What is a variable home loan?

A variable rate home loan is one where the interest rate can and will change over the course of your loan. The rate is determined by your lender, not the Reserve Bank of Australia, so while the cash rate might go down, your bank may decide not to follow suit, although they do broadly follow market conditions. One of the upsides of variable rates is that they are typically more flexible than their fixed rate counterparts which means that a lot of these products will let you make extra repayments and offer features such as offset accounts.

Can I change jobs while I am applying for a home loan?

Whether you’re a new borrower or you’re refinancing your home loan, many lenders require you to be in a permanent job with the same employer for at least 6 months before applying for a home loan. Different lenders have different requirements. 

If your work situation changes for any reason while you’re applying for a mortgage, this could reduce your chances of successfully completing the process. Contacting the lender as soon as you know your employment situation is changing may allow you to work something out. 

What is the best interest rate for a mortgage?

The fastest way to find out what the lowest interest rates on the market are is to use a comparison website.

While a low interest rate is highly preferable, it is not the only factor that will determine whether a particular loan is right for you.

Loans with low interest rates can often include hidden catches, such as high fees or a period of low rates which jumps up after the introductory period has ended.

To work out the best value for money, have a look at a loan’s comparison rate and read the fine print to get across all the fees and charges that you could be theoretically charged over the life of the loan.

Who offers 40 year mortgages?

Home loans spanning 40 years are offered by select lenders, though the loan period is much longer than a standard 30-year home loan. You're more likely to find a maximum of 35 years, such as is the case with Teacher’s Mutual Bank

Currently, 40 year home loan lenders in Australia include AlphaBeta Money, BCU, G&C Mutual Bank, Pepper, and Sydney Mutual Bank.

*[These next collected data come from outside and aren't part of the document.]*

Lemma eq_count_same_edge q r s :
  same_edge q r -> count (same_edge q) s = count (same_edge r) s.
Proof.
move=> qr; apply: eq_count => z; apply/idP/idP; last exact: same_edge_trans.
by apply: same_edge_trans; rewrite same_edge_sym.
Qed.

Lemma quad_same_edge q r z : same_edge q r -> quad q.1 q.2 z = quad r.1 r.2 z.
Proof. by case/same_edgeP=> -[-> ->] //; rewrite /quad addnC. Qed.

Definition other (g : V * V) (c : V) := if c == g.1 then g.2 else g.1.

Lemma same_edge_other g c : (c == g.1) || (c == g.2) -> same_edge (c, other g c) g.
Proof.
rewrite /other /same_edge /=; case: ifP => [/eqP -> _|_ /= ->]; first by rewrite !eqxx.
by rewrite eqxx.
Qed.

Definition submset (bl es : seq (V * V)) :=
  forall q, count (same_edge q) bl <= count (same_edge q) es.

Lemma submset_refl bl : submset bl bl.
Proof. by []. Qed.

Lemma submset_cons_rem c g bl es :
  g \in es -> same_edge c g -> submset (c :: bl) es <-> submset bl (rem g es).
Proof.
move=> ges cg; have cgE q : same_edge q c = same_edge q g.
  apply/idP/idP => [qc|qg]; first exact: same_edge_trans cg.
  by apply: same_edge_trans qg _; rewrite same_edge_sym.
split=> sub q; move: (sub q); rewrite (permP (perm_to_rem ges)) /= cgE;
  by case: (same_edge q g).
Qed.

End SameEdge.

Section Walks.
Variables (V : finType) (e : rel V).
Hypothesis e_sym : symmetric e.
Implicit Types (bl es : seq (V * V)).

(* An even-connection [a = p_0, ..., p_(2m+1) = b] is encoded as [alt_walk a bl b] with
   [bl = [(p_1, p_2); ...; (p_(2m-1), p_(2m))]]; the case [bl = [::]] is a single edge. *)
Fixpoint alt_walk (a : V) bl (b : V) : bool :=
  if bl is c :: bl' then e a c.1 && alt_walk c.2 bl' b else e a b.

Lemma alt_walk_cat a bl1 c bl2 b :
  alt_walk a (bl1 ++ c :: bl2) b = alt_walk a bl1 c.1 && alt_walk c.2 bl2 b.
Proof. by elim: bl1 a => [|d bl1 IH] a //=; rewrite IH andbA. Qed.

Definition rev_pairs bl := rev (map (fun c => (c.2, c.1)) bl).

Lemma alt_walk_rev a bl b : alt_walk a bl b -> alt_walk b (rev_pairs bl) a.
Proof.
elim: bl a => [|[c d] bl IH] a /=; first by rewrite e_sym.
case/andP=> ac walk; rewrite /rev_pairs /= rev_cons -cats1.
by rewrite alt_walk_cat /= (IH _ walk) /= e_sym.
Qed.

Even though these lengthier loans 35 to 40 year loans do exist on the market, they are not overwhelmingly popular, as the extra interest you pay compared to a 30-year loan can be over $100,000 or more.

How do I know if I have to pay LMI?

Each lender has its own policies, but as a general rule you will have to pay lender’s mortgage insurance (LMI) if your loan-to-value ratio (LVR) exceeds 80 per cent. This applies whether you’re taking out a new home loan or you’re refinancing.

If you’re looking to buy a property, you can use this LMI calculator to work out how much you’re likely to be charged in LMI.

What happens when you default on your mortgage?

A mortgage default occurs when you are 90 days or more behind on your mortgage repayments. Late repayments will often incur a late fee on top of the amount owed which will continue to gather interest along with the remaining principal amount.

If you do default on a mortgage repayment you should try and catch up in next month’s payment. If this isn’t possible, and missing payments is going to become a regular issue, you need to contact your lender as soon as possible to organise an alternative payment schedule and discuss further options.

You may also want to talk to a financial counsellor. 

How personalised is my rating?

Real Time Ratings produces instant scores for loan products and updates them based what you tell us about what you’re looking for in a loan. In that sense, we believe the ratings are as close as you get to personalised; the more you tell us, the more we customise to ratings to your needs. Some borrowers value flexibility, while others want the lowest cost loan. Your preferences will be reflected in the rating. 

We also take a shorter term, more realistic view of how long borrowers hold onto their loan, which gives you a better idea about the true borrowing costs. We take your loan details and calculate how much each of the relevent loans would cost you on average each month over the next five years. We assess the overall flexibility of each loan and give you an easy indication of which ones are likely to adjust to your needs over time.